This week I’ve been writing my bulk load about every other day, and then write lighter on the days in between. On the lighter days (kind of feels like body builders’ workout routines) I wrote poems, equalling about a handful total. These are poems that I put less focus on rhyme scheme, alliteration, consonance, and wordplay. I attempted using a more calculated patience in the groupings of lines/meter in my stanzas- which was the majority of the feedback I got in our class the other day.

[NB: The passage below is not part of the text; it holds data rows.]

(* Let $A\in\mathbb{R}^{m\times n}$ be semi-monotone, let $A=P_1-R_1+S_1$ be a double proper weak regular splitting and $A=P_2-R_2+S_2$ a double proper regular splitting of $A$. Suppose $N(S_2)=N(P_2)$, $R(S_2)=R(P_2)$, $1\notin\sigma(S_2P_1^{\dagger})$, $-1\notin\sigma(R_2P_1^{\dagger})$, $\widehat{A}^{\dagger}\geq 0$ and $\widehat{\mathcal{A}}^{\dagger}\geq 0$, where $\widehat{A}=(I-S_2P_1^{\dagger})A$ and $\widehat{\mathcal{A}}=(I+R_2P_1^{\dagger})A$. Let $\widehat{P}=\widehat{\mathcal{P}}=P_2$, $\widehat{R}=R_2-S_2P_1^{\dagger}R_1$ and $\widehat{\mathcal{R}}=R_2P_1^{\dagger}R_1-S_2$. If $\widehat{\mathcal{P}}^{\dagger}\widehat{\mathcal{R}}\geq\widehat{P}^{\dagger}\widehat{R}$ and $\widehat{\mathcal{P}}^{\dagger}\widehat{\mathcal{A}}\geq\widehat{P}^{\dagger}\widehat{A}$, then $\rho(\mathcal{W}_{12})\leq\rho(W_{12})<1$, where $$W_{12}=\begin{pmatrix} P_2^{\dagger}R_2-P_2^{\dagger}S_2P_1^{\dagger}R_1 & P_2^{\dagger}S_2P_1^{\dagger}S_1\\ I & 0\end{pmatrix},\qquad \mathcal{W}_{12}=\begin{pmatrix} P_2^{\dagger}R_2P_1^{\dagger}R_1-P_2^{\dagger}S_2 & -P_2^{\dagger}R_2P_1^{\dagger}S_1\\ I & 0\end{pmatrix}.$$
   Context: For $M\in\mathbb{R}^{m\times n}$, $M^{\dagger}$ is its Moore–Penrose inverse, $R(M)$, $N(M)$ its range and null space; inequalities are entrywise; $\rho$ is the spectral radius, $\sigma$ the spectrum. $A$ is semi-monotone if $A^{\dagger}\geq0$. A double splitting $A=P-R+S$ is a double proper splitting if $R(P)=R(A)$ and $N(P)=N(A)$; it is double proper regular if moreover $P^{\dagger}\geq0$, $R\geq0$, $S\leq0$; double proper weak regular if moreover $P^{\dagger}\geq 0$, $P^{\dagger}R\geq 0$, $P^{\dagger}S\leq 0$. *)

From HB Require Import structures.
From mathcomp Require Import all_boot all_order all_algebra.
From mathcomp Require Import reals complex.
Set Implicit Arguments.
Unset Strict Implicit.
Unset Printing Implicit Defensive.
Import Order.TTheory GRing.Theory Num.Theory.
Local Open Scope ring_scope.

Section Defs.
Variable R : realType.

Definition is_MP m n (M : 'M[R]_(m, n)) (X : 'M[R]_(n, m)) : Prop :=
  [/\ M *m X *m M = M, X *m M *m X = X,
      (M *m X)^T = M *m X & (X *m M)^T = X *m M].

Definition mx_nonneg m n (M : 'M[R]_(m, n)) : Prop := forall i j, 0 <= M i j.
Definition mx_nonpos m n (M : 'M[R]_(m, n)) : Prop := forall i j, M i j <= 0.
Definition mx_le m n (M N : 'M[R]_(m, n)) : Prop := forall i j, M i j <= N i j.

Definition in_range m n (M : 'M[R]_(m, n)) (y : 'cV[R]_m) : Prop :=
  exists x : 'cV[R]_n, y = M *m x.
Definition in_null m n (M : 'M[R]_(m, n)) (x : 'cV[R]_n) : Prop :=
  M *m x = 0.
Definition same_range m n (M N : 'M[R]_(m, n)) : Prop :=
  forall y, in_range M y <-> in_range N y.
Definition same_null m n (M N : 'M[R]_(m, n)) : Prop :=
  forall x, in_null M x <-> in_null N x.

Definition cmx m n (M : 'M[R]_(m, n)) : 'M[R[i]]_(m, n) :=
  map_mx (fun x : R => (x%:C)%C) M.
Definition in_spectrum k (M : 'M[R]_k) (z : R[i]) : bool :=
  eigenvalue (cmx M) z.

Lemma char_poly_split k (M : 'M[R]_k) :
  exists rs : seq R[i],
    char_poly (cmx M) == \prod_(z <- rs) ('X - z%:P).
Proof.
have [rs Hrs] := closed_field_poly_normal (char_poly (cmx M)).
exists rs; apply/eqP.
by rewrite {1}Hrs (monicP (char_poly_monic _)) scale1r.
Qed.

Definition eigvals k (M : 'M[R]_k) : seq R[i] := xchoose (char_poly_split M).

Definition specrad k (M : 'M[R]_k) : R :=
  \big[Num.max/0]_(z <- eigvals M) Normc.normc z.

End Defs.

(* W12 and cW12 are nonnegative companion matrices [B C; I 0]. If v is a left
   eigenvector for an eigenvalue l of such a W, then u = |v| satisfies |l| u <= u W; writing
   u = (u1, u2), |l| >= 1 would give a nonzero u1 >= 0 with u1 <= u1 (B + C).
   For W12, B + C = P2^+ N, where (I - S2 P1^+) A = P2 - N is a proper splitting (its range
   contains R(P2) because I - S2 P1^+ is invertible). With X the Moore-Penrose inverse of
   (I - S2 P1^+) A this gives X = P2^+ + P2^+ N X, so the partial sums of
   sum_t (P2^+ N)^t P2^+ stay below X >= 0; then u1 <= u1 P2^+ N forces u1 P2^+ = 0, hence
   u1 = 0, and rho(W12) < 1.
   The comparison hypotheses say B <= B' and B' + C' <= B + C for the blocks B', C' of cW12.
   An eigenvalue of cW12 of modulus r with rho(W12) < r < 1 would turn (u1, u1 C / r) into a
   nonnegative z with r z <= z W12, contradicting the Collatz-Wielandt bound r <= rho(W12).
   That bound comes from Cayley-Hamilton: if every eigenvalue of M has modulus below r, the
   partial sums of sum_t M^t / r^t are bounded. *)

From HB Require Import structures.
From mathcomp Require Import all_boot all_order all_algebra.
From mathcomp Require Import reals complex.
From mathcomp Require Import ring lra.
Import Order.TTheory GRing.Theory Num.Theory.
Local Open Scope ring_scope.

Set Implicit Arguments.
Unset Strict Implicit.
Unset Printing Implicit Defensive.

Section SpectralRadius.
Variable R : realType.
Local Notation normc := (@Normc.normc R).

Lemma normc_ge0 (z : R[i]) : 0 <= normc z.
Proof. by case: z => a b /=; rewrite sqrtr_ge0. Qed.

Lemma normc_real (x : R) : normc (x%:C)%C = `|x|.
Proof. by rewrite /= expr0n /= addr0 sqrtr_sqr. Qed.

Lemma normc_sum (I : Type) (s : seq I) (F : I -> R[i]) :
  normc (\sum_(i <- s) F i) <= \sum_(i <- s) normc (F i).
Proof.
elim: s => [|a s IH]; first by rewrite !big_nil Normc.normc0.
by rewrite !big_cons (le_trans (le_normcD _ _)) ?lerD2l.
Qed.

Lemma cmxM m n p (A : 'M[R]_(m, n)) (B : 'M[R]_(n, p)) :
  cmx (A *m B) = cmx A *m cmx B.
Proof. exact: (map_mxM (real_complex R)). Qed.

Lemma cmxX k (M : 'M[R]_k) t : cmx (M ^+ t) = cmx M ^+ t.
Proof.
elim: t => [|t IH]; first by apply/matrixP => i j; rewrite !mxE; case: (i == j).
by rewrite !exprS -!mulmxE cmxM IH.
Qed.

Lemma eigvalsE k (M : 'M[R]_k) :
  char_poly (cmx M) = \prod_(z <- eigvals M) ('X - z%:P).
Proof. exact/eqP/(xchooseP (char_poly_split M)). Qed.

Lemma mem_eigvals k (M : 'M[R]_k) z : (z \in eigvals M) = eigenvalue (cmx M) z.
Proof. by rewrite eigenvalue_root_char eigvalsE root_prod_XsubC. Qed.

Lemma specrad_ge0 k (M : 'M[R]_k) : 0 <= specrad M.
Proof. exact: bigmax_ge_id. Qed.

Lemma le_specrad k (M : 'M[R]_k) z : z \in eigvals M -> normc z <= specrad M.
Proof. by move=> Mz; apply: le_bigmax_seq. Qed.

Lemma specrad_le k (M : 'M[R]_k) c :
  0 <= c -> (forall z, z \in eigvals M -> normc z <= c) -> specrad M <= c.
Proof. by move=> c0 Mc; rewrite /specrad big_seq bigmax_le. Qed.

Lemma specrad_lt k (M : 'M[R]_k) c :
  0 < c -> (forall z, z \in eigvals M -> normc z < c) -> specrad M < c.
Proof. by move=> c0 Mc; rewrite /specrad big_seq bigmax_lt. Qed.

Lemma unitmx_1B k (M : 'M[R]_k) : ~~ in_spectrum M 1 -> (1%:M - M) \in unitmx.
Proof.
rewrite /in_spectrum /cmx -(rmorph1 (real_complex R)).
change (fun x : R => (x%:C)%C) with (real_complex R : R -> R[i]).
rewrite eigenvalue_map negbK kermx_eq0 row_free_unit => unit_M1.
by rewrite -opprB -scaleN1r unitmxZ ?unitrN1.
Qed.

End SpectralRadius.

Section EntrywiseOrder.
Variable R : realType.

Lemma mx_lexx m n (A : 'M[R]_(m, n)) : mx_le A A.
Proof. by move=> i j. Qed.

Lemma mx_le_trans m n (A B C : 'M[R]_(m, n)) : mx_le A B -> mx_le B C -> mx_le A C.
Proof. by move=> AB BC i j; apply: le_trans (AB i j) (BC i j). Qed.

Lemma mx_lerB2l m n (X Y Z : 'M[R]_(m, n)) : mx_le (X - Y) (X - Z) -> mx_le Z Y.
Proof. by move=> le_XYZ i j; have := le_XYZ i j; rewrite !mxE lerD2l lerN2. Qed.

Lemma mx_nonneg1 n : mx_nonneg (1%:M : 'M[R]_n).
Proof. by move=> i j; rewrite mxE ler0n. Qed.

Lemma mx_nonneg0 m n : mx_nonneg (0 : 'M[R]_(m, n)).
Proof. by move=> i j; rewrite mxE. Qed.

Lemma mx_nonnegD m n (A B : 'M[R]_(m, n)) :
  mx_nonneg A -> mx_nonneg B -> mx_nonneg (A + B).
Proof. by move=> A0 B0 i j; rewrite mxE addr_ge0. Qed.

Lemma mx_nonnegN m n (A : 'M[R]_(m, n)) : mx_nonpos A -> mx_nonneg (- A).
Proof. by move=> A0 i j; rewrite mxE oppr_ge0. Qed.

Lemma mx_nonnegM m n p (A : 'M[R]_(m, n)) (B : 'M[R]_(n, p)) :
  mx_nonneg A -> mx_nonneg B -> mx_nonneg (A *m B).
Proof. by move=> A0 B0 i j; rewrite mxE sumr_ge0 // => k _; rewrite mulr_ge0. Qed.

Lemma mx_le_scale m n (a : R) (A B : 'M[R]_(m, n)) :
  0 <= a -> mx_le A B -> mx_le (a *: A) (a *: B).
Proof. by move=> a0 AB i j; rewrite !mxE ler_wpM2l. Qed.

Lemma mx_le_mul2l p m n (U : 'M[R]_(p, m)) (A B : 'M[R]_(m, n)) :
  mx_nonneg U -> mx_le A B -> mx_le (U *m A) (U *m B).
Proof. by move=> U0 AB i j; rewrite !mxE ler_sum // => k _; rewrite ler_wpM2l. Qed.

Lemma mx_le_mul2r m n p (A B : 'M[R]_(m, n)) (M : 'M[R]_(n, p)) :
  mx_nonneg M -> mx_le A B -> mx_le (A *m M) (B *m M).
Proof. by move=> M0 AB i j; rewrite !mxE ler_sum // => k _; rewrite ler_wpM2r. Qed.

Lemma mx_le_row_mx m n1 n2 (A1 B1 : 'M[R]_(m, n1)) (A2 B2 : 'M[R]_(m, n2)) :
  mx_le (row_mx A1 A2) (row_mx B1 B2) <-> mx_le A1 B1 /\ mx_le A2 B2.
Proof.
split=> [le_A | [le1 le2] i j].
  by split=> i j; [have := le_A i (lshift _ j) | have := le_A i (rshift _ j)];
    rewrite ?row_mxEl ?row_mxEr.
by rewrite -(splitK j); case: (split j) => k /=; rewrite ?row_mxEl ?row_mxEr.
Qed.

Lemma mx_nonneg_row_mx m n1 n2 (A1 : 'M[R]_(m, n1)) (A2 : 'M[R]_(m, n2)) :
  mx_nonneg (row_mx A1 A2) <-> mx_nonneg A1 /\ mx_nonneg A2.
Proof.
have le0E p q (A : 'M[R]_(p, q)) : mx_nonneg A <-> mx_le 0 A.
  by split=> A0 i j; have := A0 i j; rewrite mxE.
by rewrite !le0E -row_mx0 mx_le_row_mx.
Qed.

Lemma mx_nonneg_block m1 m2 n1 n2 (A : 'M[R]_(m1, n1)) (B : 'M[R]_(m1, n2))
    (C : 'M[R]_(m2, n1)) (D : 'M[R]_(m2, n2)) :
  mx_nonneg A -> mx_nonneg B -> mx_nonneg C -> mx_nonneg D ->
  mx_nonneg (block_mx A B C D).
Proof.
move=> A0 B0 C0 D0 i j; rewrite -(splitK i) -(splitK j).
by case: (split i) => i'; case: (split j) => j' /=;
  rewrite ?block_mxEul ?block_mxEur ?block_mxEdl ?block_mxEdr.
Qed.

Lemma mulrn_bounded_le0 (p C : R) : (forall K, p *+ K <= C) -> p <= 0.
Proof.
move=> pC; rewrite leNgt; apply/negP => p0.
have C0 : 0 <= C / p by rewrite divr_ge0 ?(ltW p0) // -(mulr0n p).
have := archi_boundP C0; rewrite ltr_pdivrMr // mulr_natl.
by move/lt_le_trans/(_ (pC _)); rewrite ltxx.
Qed.

End EntrywiseOrder.

Section CollatzWielandt.
Variable R : realType.
Local Notation normc := (@Normc.normc R).

Lemma eigval_superinvariant k (M : 'M[R]_k) e :
  mx_nonneg M -> e \in eigvals M ->
  exists u : 'rV[R]_k, [/\ mx_nonneg u, u != 0 & mx_le (normc e *: u) (u *m M)].
Proof.
move=> M0; rewrite mem_eigvals => /eigenvalueP[v ve nz_v].
exists (\row_j normc (v 0 j)); split.
- by move=> i j; rewrite mxE normc_ge0.
- apply: contra nz_v => /eqP/matrixP v0; apply/eqP/matrixP => i j.
  by have := v0 i j; rewrite (ord1 i) !mxE => /Normc.eq0_normc.
- move=> i j; move/matrixP: ve => /(_ 0 j); rewrite (ord1 i) !mxE => ve.
  rewrite -Normc.normcM -ve (le_trans (normc_sum _ _)) // ler_sum // => l _.
  by rewrite !mxE Normc.normcM normc_real ger0_norm.
Qed.

Definition rsummable (r : R) (a : nat -> R[i]) :=
  exists B, forall K, \sum_(t < K) normc (a t) / r ^+ t <= B.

On a different, more personal note of my writing life… I experienced what felt like close to rock bottom… I had an acutely insecure episode that consisted of some crying sessions/lack of sleep because I started hating the primary style I’ve been using for the past few years. I had a reading at an open mic a week and a half ago, a reading at the Student Mixer last Sunday, and another poem displayed in class- all of which I felt were not well-received, and when I heard myself reading them aloud found that I wasn’t really satisfied with what I wrote. The silver lining is that it helps to go through this harsh phase, because it forces you to look at your work a different way and realize you have to put a lot of work into revision, or even start all over again. I can’t emphasize enough how much I felt incredibly lousy, embarrassed, and defeated- which I always feel a little bit, but this time around was like an obscene amount. But I had this miracle of a thought in the middle of my chanting negative self-talk, inside and outside of my head… thinking you suck is ridiculous, conterproductive, and you need to snap out of it when you realize how useful you are to others outside of writing- and within writing if you just keep at it. It’s so petty, so against a utilitarian principle that I feel so strongly about, to think a few poems I’m dissatisfied with dismisses my potential and worth as a human. It’s a learning experience when you don’t nail a a poem, essay, nonfiction, or fiction story. The takeaway shouldn’t be that you’re a failure for the rest of your days. (Not even kidding, ELO’s “Hold on tight to your dreams” just came on over my headphones. They know.)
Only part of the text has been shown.